Jessica Kerr (@jessitron) announces that she’s going to work full time at Atomist, which led me to this video:

Atomist is a code generation tool, similar to Rails’s scaffold or Yeoman; the main difference is that it’s intended to do small transformations on arbitrary existing code instead of just generating new code. React people may have some relevant experience with this sort of thing via codemods.

Meanwhile, Dan Abramov discovers that he loves git rebase:

I was reminded then that the “time-travel debugger” that showcased the Elm Architecture (and inspired Redux) is quite similar to the Git model, just at a much smaller scale. Both are essentially change logs, and one can navigate to any point in the history, or alter the history altogether, by selecting which changes to apply.

The primary difference between Git and Elm/Redux is that the latter are deeply concerned with the intentions of changes, while Git is only concerned with the implementation. Elm and Redux take their cues from Event Sourcing: the source of truth is the action that triggered the change; the state is created by and can be reconstructed from the replay of these actions. The actual state manipulation is done separately and orthogonally by update (in Elm) or reducer (in Redux) functions; ideally new features can be added by modifying or creating new reducers without altering existing events.

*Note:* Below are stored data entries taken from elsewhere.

(* Let $A,B \in\mathbb{C}^{n\times n}$. If $A\leq^{GD1}B$, then $A\leq^{D,-}B$.
   Context: For $A\in\mathbb{C}^{n\times n}$, $ind(A)$ is the smallest nonnegative integer $k$ with $\mathrm{rank}(A^k)=\mathrm{rank}(A^{k+1})$. $A\{1\}$ is the set of matrices $X$ with $AXA=A$. With $k=ind(A)$, $A\{GD\}$ is the set of matrices $X$ with $AXA=A$, $XA^{k+1}=A^k$, $A^{k+1}X=A^k$ (G-Drazin inverses). The Drazin inverse $A^D$ is the unique $X$ with $XAX=X$, $XA=AX$, $XA^{k+1}=A^k$. A GD1 inverse of $A$ is a matrix $A^{GD1}=A^{GD}AA^-$ with $A^-\in A\{1\}$, $A^{GD}\in A\{GD\}$. We write $A\leq^{GD1}B$ if $AA^{GD1}=BA^{GD1}$ and $A^{GD1}A=A^{GD1}B$ for some GD1 inverse $A^{GD1}$ of $A$. For $A^-\in A\{1\}$, the D1 inverse is $A^{D,-}=A^DAA^-$; we write $A\leq^{D,-}B$ if $A^{D,-}A=A^{D,-}B$ and $AA^{D,-}=BA^{D,-}$ for some D1 inverse $A^{D,-}$ of $A$ (i.e. for some $A^-\in A\{1\}$). *)

From HB Require Import structures.
From mathcomp Require Import all_boot all_order all_algebra.
From mathcomp Require Import complex.
Set Implicit Arguments. Unset Strict Implicit. Unset Printing Implicit Defensive.
Import Order.TTheory GRing.Theory Num.Theory.
Local Open Scope ring_scope.

(* Complex n x n matrices: entries in R[i] = complex R for R a real closed field
   (with R the reals this is C). *)

Section GD.
Variable F : fieldType.
Variable n : nat.
Implicit Types A B X : 'M[F]_n.

Definition mxpow A (k : nat) : 'M[F]_n := iter k (mulmx A) 1%:M.

Definition is_index A (k : nat) : Prop :=
  \rank (mxpow A k) = \rank (mxpow A k.+1) /\
  forall j, (j < k)%N -> \rank (mxpow A j) <> \rank (mxpow A j.+1).

Definition inner_inv A X : Prop := A *m X *m A = A.

Definition GD_inv A X : Prop :=
  forall k, is_index A k ->
    [/\ A *m X *m A = A,
        X *m mxpow A k.+1 = mxpow A k &
        mxpow A k.+1 *m X = mxpow A k].

Definition Drazin_inv A X : Prop :=
  forall k, is_index A k ->
    [/\ X *m A *m X = X, X *m A = A *m X & X *m mxpow A k.+1 = mxpow A k].

Definition GD1_le A B : Prop :=
  exists Xgd X1, GD_inv A Xgd /\ inner_inv A X1 /\
    let G := Xgd *m A *m X1 in
    A *m G = B *m G /\ G *m A = G *m B.

Definition D1_le A B : Prop :=
  exists XD X1, Drazin_inv A XD /\ inner_inv A X1 /\
    let G := XD *m A *m X1 in
    G *m A = G *m B /\ A *m G = B *m G.

End GD.

From HB Require Import structures.
From mathcomp Require Import all_boot all_order all_algebra.
From mathcomp Require Import complex.
Set Implicit Arguments. Unset Strict Implicit. Unset Printing Implicit Defensive.
Local Open Scope ring_scope.

(* If X is a G-Drazin inverse of A and k = ind(A), then A^D = X^(k+1) A^k
   = A^k X^(k+1), and A^D is absorbed by X from both sides:
   A^D A X = A^D = X A A^D.  The GD1 equations for G = X A A^- amount to
   X A = X A A^- B and B X A = A, and plugging these into A^D A A^- through
   the absorption identities yields the D1 equations. *)

Section MatrixPowers.
Variables (F : fieldType) (n : nat).
Implicit Types A : 'M[F]_n.

Lemma mxpowS A i : mxpow A i.+1 = A *m mxpow A i.
Proof. by []. Qed.

Lemma mxpowD A i j : mxpow A (i + j) = mxpow A i *m mxpow A j.
Proof. by elim: i => [|i IHi]; rewrite ?mul1mx // addSn !mxpowS IHi mulmxA. Qed.

Lemma mxpowSr A i : mxpow A i.+1 = mxpow A i *m A.
Proof. by rewrite -addn1 mxpowD /= mulmx1. Qed.

Lemma mxrank_mxpowS A i : (\rank (mxpow A i.+1) <= \rank (mxpow A i))%N.
Proof. by rewrite mxpowSr mxrankM_maxl. Qed.

Lemma mxrank_mxpow_stable A : exists k, \rank (mxpow A k) = \rank (mxpow A k.+1).
Proof.
suff [//|] : (exists k, \rank (mxpow A k) = \rank (mxpow A k.+1))
             \/ (\rank (mxpow A n.+1) + n.+1 <= n)%N.
  by rewrite addnS ltnNge leq_addl.
elim: n.+1 => [|j [|IHj]]; [by right; rewrite addn0 mxrank1 | by left |].
have [eq_rank | ne_rank] := eqVneq (\rank (mxpow A j)) (\rank (mxpow A j.+1)).
  by left; exists j.
right; apply: leq_trans IHj; rewrite addnS -addSn leq_add2r ltn_neqAle.
by rewrite eq_sym ne_rank mxrank_mxpowS.
Qed.

Lemma index_exists A : exists k, is_index A k.
Proof.
have [k eq_k] := mxrank_mxpow_stable A.
have ex_stable : exists k, \rank (mxpow A k) == \rank (mxpow A k.+1).
  by exists k; apply/eqP.
case: (ex_minnP ex_stable) => m /eqP eq_m min_m; exists m; split=> // j ltjm.
by move/eqP/min_m; rewrite leqNgt ltjm.
Qed.

Lemma index_uniq A k k' : is_index A k -> is_index A k' -> k = k'.
Proof.
move=> [eq_k min_k] [eq_k' min_k']; case: (ltngtP k k') => // lt_kk'.
- by case: (min_k' k lt_kk' eq_k).
- by case: (min_k k' lt_kk' eq_k').
Qed.

End MatrixPowers.

Section DrazinFromGDrazin.
Variables (F : fieldType) (n : nat) (A X : 'M[F]_n) (k : nat).
Hypotheses (XAk : X *m mxpow A k.+1 = mxpow A k)
           (AkX : mxpow A k.+1 *m X = mxpow A k).

Lemma GD_mul_pow i : (k <= i)%N -> X *m mxpow A i.+1 = mxpow A i.
Proof. by move/subnKC <-; rewrite -addSn !mxpowD mulmxA XAk. Qed.

Lemma pow_mul_GD i : (k <= i)%N -> mxpow A i.+1 *m X = mxpow A i.
Proof. by move/subnK <-; rewrite -addnS !mxpowD -mulmxA AkX. Qed.

Lemma mxpowGD_cancell j i : (k <= i)%N -> mxpow X j *m mxpow A (j + i) = mxpow A i.
Proof.
move=> le_ki; elim: j => [|j IHj]; first by rewrite mul1mx.
rewrite mxpowSr -mulmxA addSn GD_mul_pow ?IHj //.
exact: leq_trans le_ki (leq_addl j i).
Qed.

Lemma mxpowGD_cancelr j i : (k <= i)%N -> mxpow A (i + j) *m mxpow X j = mxpow A i.
Proof.
move=> le_ki; elim: j => [|j IHj]; first by rewrite mulmx1 addn0.
rewrite mxpowS mulmxA addnS pow_mul_GD ?IHj //.
exact: leq_trans le_ki (leq_addr j i).
Qed.

Definition GD_drazin := mxpow X k.+1 *m mxpow A k.

Lemma GD_drazinE : GD_drazin = mxpow A k *m mxpow X k.+1.
Proof.
rewrite /GD_drazin -{1}(mxpowGD_cancelr k.+1 (leqnn k)) mulmxA addnC.
by rewrite mxpowGD_cancell.
Qed.

Lemma GD_drazin_mulApow : GD_drazin *m mxpow A k.+1 = mxpow A k.
Proof. by rewrite -mulmxA -mxpowD addnC mxpowGD_cancell. Qed.

Lemma GD_drazin_mulA : GD_drazin *m A = mxpow X k.+1 *m mxpow A k.+1.
Proof. by rewrite -mulmxA -mxpowSr. Qed.

Lemma GD_drazin_comm : GD_drazin *m A = A *m GD_drazin.
Proof.
rewrite GD_drazin_mulA GD_drazinE mulmxA -mxpowS.
by rewrite -{1}(mxpowGD_cancelr k.+1 (leqnSn k)) mulmxA mxpowGD_cancell.
Qed.

Lemma GD_drazin_outer : GD_drazin *m A *m GD_drazin = GD_drazin.
Proof.
rewrite GD_drazin_mulA {1}GD_drazinE -mulmxA (mulmxA (mxpow A k.+1)) -mxpowD.
by rewrite addnC mxpowGD_cancelr.
Qed.

Lemma GD_drazin_mulAX : GD_drazin *m A *m X = GD_drazin.
Proof. by rewrite GD_drazin_mulA -mulmxA AkX. Qed.

Lemma GD_drazin_mulXA : X *m A *m GD_drazin = GD_drazin.
Proof. by rewrite GD_drazinE !mulmxA -(mulmxA X) -mxpowS XAk. Qed.

Lemma Drazin_inv_GD_drazin : is_index A k -> Drazin_inv A GD_drazin.
Proof.
move=> idx_k k' /(index_uniq idx_k) <-.
by split; [exact: GD_drazin_outer | exact: GD_drazin_comm | exact: GD_drazin_mulApow].
Qed.

End DrazinFromGDrazin.

Lemma D1_eqs_of_GD1_eqs (F : fieldType) (n : nat) (A B X X1 D : 'M[F]_n) :
    A *m X *m A = A -> A *m X1 *m A = A ->
    D *m A *m X = D -> X *m A *m D = D ->
    A *m (X *m A *m X1) = B *m (X *m A *m X1) ->
    X *m A *m X1 *m A = X *m A *m X1 *m B ->
  D *m A *m X1 *m A = D *m A *m X1 *m B /\ A *m (D *m A *m X1) = B *m (D *m A *m X1).
Proof.
move=> AXA AX1A DAX XAD AG GA.
have XA_eq : X *m A = X *m A *m X1 *m B.
  by rewrite -GA -!mulmxA (mulmxA A X1) AX1A.
have BXA : B *m X *m A = A.
  move: (congr1 (mulmx^~ A) AG) => /=.
  by rewrite -!mulmxA (mulmxA A X1) AX1A !mulmxA AXA => /esym.
split.
- rewrite -!mulmxA (mulmxA A X1) AX1A -{1}DAX -(mulmxA _ X A) XA_eq.
  by rewrite !mulmxA DAX.
- by rewrite !mulmxA -[in RHS]XAD !mulmxA BXA.
Qed.

Theorem proposition2p12 (R : rcfType) (n : nat) (A B : 'M[R[i]]_n) :
  GD1_le A B -> D1_le A B.
Proof.
move=> [X [X1 [GD_X [inner_X1 [AG GA]]]]].
have [k idx_k] := index_exists A.
have [AXA XAk AkX] := GD_X k idx_k.
exists (GD_drazin A X k), X1; split; first exact: Drazin_inv_GD_drazin XAk AkX idx_k.
split=> //; apply: D1_eqs_of_GD1_eqs AXA inner_X1 _ _ AG GA.
- exact: GD_drazin_mulAX AkX.
- exact: GD_drazin_mulXA XAk AkX.
Qed.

Git, on the other hand, doesn’t care about the meaning of changes; everything is just a diff upon the previous state. The intention of a commit is hopefully reflected in the commit message, but no one would try to reconstruct the state from commit messages alone. So I wondered: what would it take to make that possible? If one were to make a “semantic version control system”, where the actual code could be reconstructed by interpreting high-level commands, what would that look like?

It would look a little bit like Atomist.

The Atomist editors — the code generating functions — are reducers: they take a command and a previous state and return the next state. The scaffolding commands are the events: they communicate the programmer’s intent without specifying the implementation details. Theoretically, this means that one could update their code generators, re-run the command history, and get conflict-free upgrades of their whole codebase.

Of course, we’re a ways off from that “theoretically” being a “practically”. But what happens when it is practical? I’m intrigued by how it further operationalizes the development of software, such that the process of writing code can benefit from automation just as building, deploying and serving code does. Today I think back to my days of live-editing sites over FTP and marvel how I ever got anything done; which of my current everyday practices will make me cringe in the years ahead?